Data arrives from multiple sources at high speed, huge volume and variety, often unstructured and unwieldy. But there’s a huge amount of signal in the noise, simply waiting to be used. Big-data analytics brings decision-making that is at once simpler and more powerful. (2)

It is not the sheer quantities of data that is revolutionary; the revolution is that something can now be done with the data. It does not require more storage or computational capacity, but rather improved statistical methods that can be used to solve problems thousands of times faster than conventional computer methods.  New techniques of data analysis add astonishing new insights and value. (3)

Old-style Data Processing Obsolete

Today there is burgeoning ability to crunch vast collections of information analyze it almost instantly and draw conclusions that are often very surprising. Most commercial transactions and events are transformed into searchable formats to find correlations that could never have been known before.

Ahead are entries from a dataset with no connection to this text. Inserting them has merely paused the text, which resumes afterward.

Lemma extend_comm X : extend a (extend b X) = extend b (extend a X).
Proof.
rewrite {1}/extend (step_delta_extend pid_ab rd_a_wt_b wt_rd_a).
rewrite {2}/extend (step_delta_extend pid_ba rd_b_wt_a wt_rd_b).
by rewrite /extend /adag_union /=; congr ADag; apply: setUAC.
Qed.

Lemma commute_fwd_fwd A A' A'' : ann_step a A A' -> ann_step b A A'' ->
  ann_step a A'' (adag_union A'' (adag_diff A' A)).
Proof.
move=> /ann_stepE[dA dA' eA'] /ann_stepE[_ dA'' eA'']; subst A' A''.
rewrite (diff_extend_base a dA) -(step_delta_extend pid_ab rd_a_wt_b wt_rd_a).
apply/ann_stepE; split=> //; apply: ann_dag_extend => //.
by apply/(lastw_final_extend pid_ab rd_a_wt_b wt_rd_a)/extend_lastw_final.
Qed.

Lemma commute_fwd_bwd A A' A'' : ann_step a A A' -> ann_step b A'' A ->
  ann_step a A'' (adag_union A'' (adag_diff A' A)).
Proof.
move=> /ann_stepE[dA dA' eA'] /ann_stepE[dA'' _ eA]; subst A' A.
rewrite (diff_extend_base a dA) (step_delta_extend pid_ab rd_a_wt_b wt_rd_a).
apply/ann_stepE; split=> //; apply: ann_dag_extend => //.
by apply/(lastw_final_extend pid_ab rd_a_wt_b wt_rd_a)/extend_lastw_final.
Qed.

Lemma commute_bwd_fwd A A' A'' : ann_step a A' A -> ann_step b A A'' ->
  ann_step a (adag_diff A'' (adag_diff A A')) A''.
Proof.
move=> /ann_stepE[dA' dA eA] /ann_stepE[_ dA'' eA'']; subst A A''.
rewrite (diff_extend_base a dA') -extend_comm.
have dA'b : is_ann_dag (extend b A').
  apply: ann_dag_extend => //.
  by apply/(lastw_final_extend pid_ba rd_b_wt_a wt_rd_b)/extend_lastw_final.
rewrite -{1}(step_delta_extend pid_ab rd_a_wt_b wt_rd_a A') (diff_extend_delta a dA'b).
by apply/ann_stepE; split=> //; rewrite extend_comm.
Qed.

Lemma commute_bwd_bwd A A' A'' : ann_step a A' A -> ann_step b A'' A ->
  ann_step a (adag_diff A'' (adag_diff A A')) A''.
Proof.
move=> /ann_stepE[dA' dA eA] /ann_stepE[dA'' _ eA2].
have eA' : A' = adag_diff A (step_delta a A') by rewrite eA (diff_extend_delta a dA').
have eA'' : A'' = adag_diff A (step_delta b A'').
  by rewrite eA2 (diff_extend_delta b dA'').
rewrite eA (diff_extend_base a dA'); set Z := adag_diff A'' (step_delta a A').
have eZ : Z = adag_diff A' (step_delta b A'').
  by rewrite /Z {1}eA'' adag_diffAC -eA'.
have ext_a : extend a Z = A''.
  rewrite /extend {2}eZ (step_delta_diff pid_ab rd_a_wt_b wt_rd_a) /Z adag_diffKU //.
  by rewrite eA'' eA; apply: step_delta_sub_diff.
have ext_b : extend b Z = A'.
  rewrite /extend {2}/Z (step_delta_diff pid_ba rd_b_wt_a wt_rd_b) eZ adag_diffKU //.
  by rewrite eA' eA2; apply: step_delta_sub_diff.
have dZ : is_ann_dag Z by apply: (ann_dag_of_extends pid_ab); rewrite ?ext_a ?ext_b.
by apply/ann_stepE; split.
Qed.

End Commutation.
End AnnotationDag.

Lemma iota_labP R (x y : elab R) : iota_lab x y ->
  [/\ lpid (und x) <> lpid (und y),
      forall r, lrd (und x) r -> ~ lwt (und y) r &
      forall r, lrd (und y) r -> ~ lwt (und x) r].
Proof.
case: x => -[p1 rd1 wt1]; case: y => -[p2 rd2 wt2];
  move=> [p12 [_ [/disj_set2P/disj_setPLR d12 /disj_set2P/disj_setPLR d21]]];
  by split=> // /= ep; apply: p12; rewrite ep; apply: prefix_refl.
Qed.

Theorem mainTheorem5 (R : Type) (alpha beta : elab R) (A A' A'' : adag R) :
  pid_ok (lpid (und alpha)) -> pid_ok (lpid (und beta)) ->
  lwt (und alpha) `<=` lrd (und alpha) ->
  lwt (und beta) `<=` lrd (und beta) ->
  iota_lab alpha beta ->
  ann alpha A A' -> ann beta A A'' ->
  ann alpha A'' (odot alpha A'' (diff alpha A A')).
Proof.
case: alpha => a; case: beta => b;
  move=> pid_a pid_b wt_rd_a wt_rd_b /iota_labP[pid_ab rd_a_wt_b rd_b_wt_a].
- exact: commute_fwd_fwd.
- exact: commute_fwd_bwd.
- exact: commute_bwd_fwd.
- exact: commute_bwd_bwd.
Qed.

The structured databases that stored most corporate information until recently are not suited to storing and processing big data – the results are woefully inadequate. So, large computer banks, and large data-processing staffs, are quickly becoming obsolete; processing power is shifting to the Cloud, and new data-intensive approaches are quickly becoming much more economical.

Big Data Applications

Familiar applications of big data include “recommendation engines” such as those used by Netflix and Amazon to offer purchase suggestions based on prior interests of specific customer compared to millions of others. (4)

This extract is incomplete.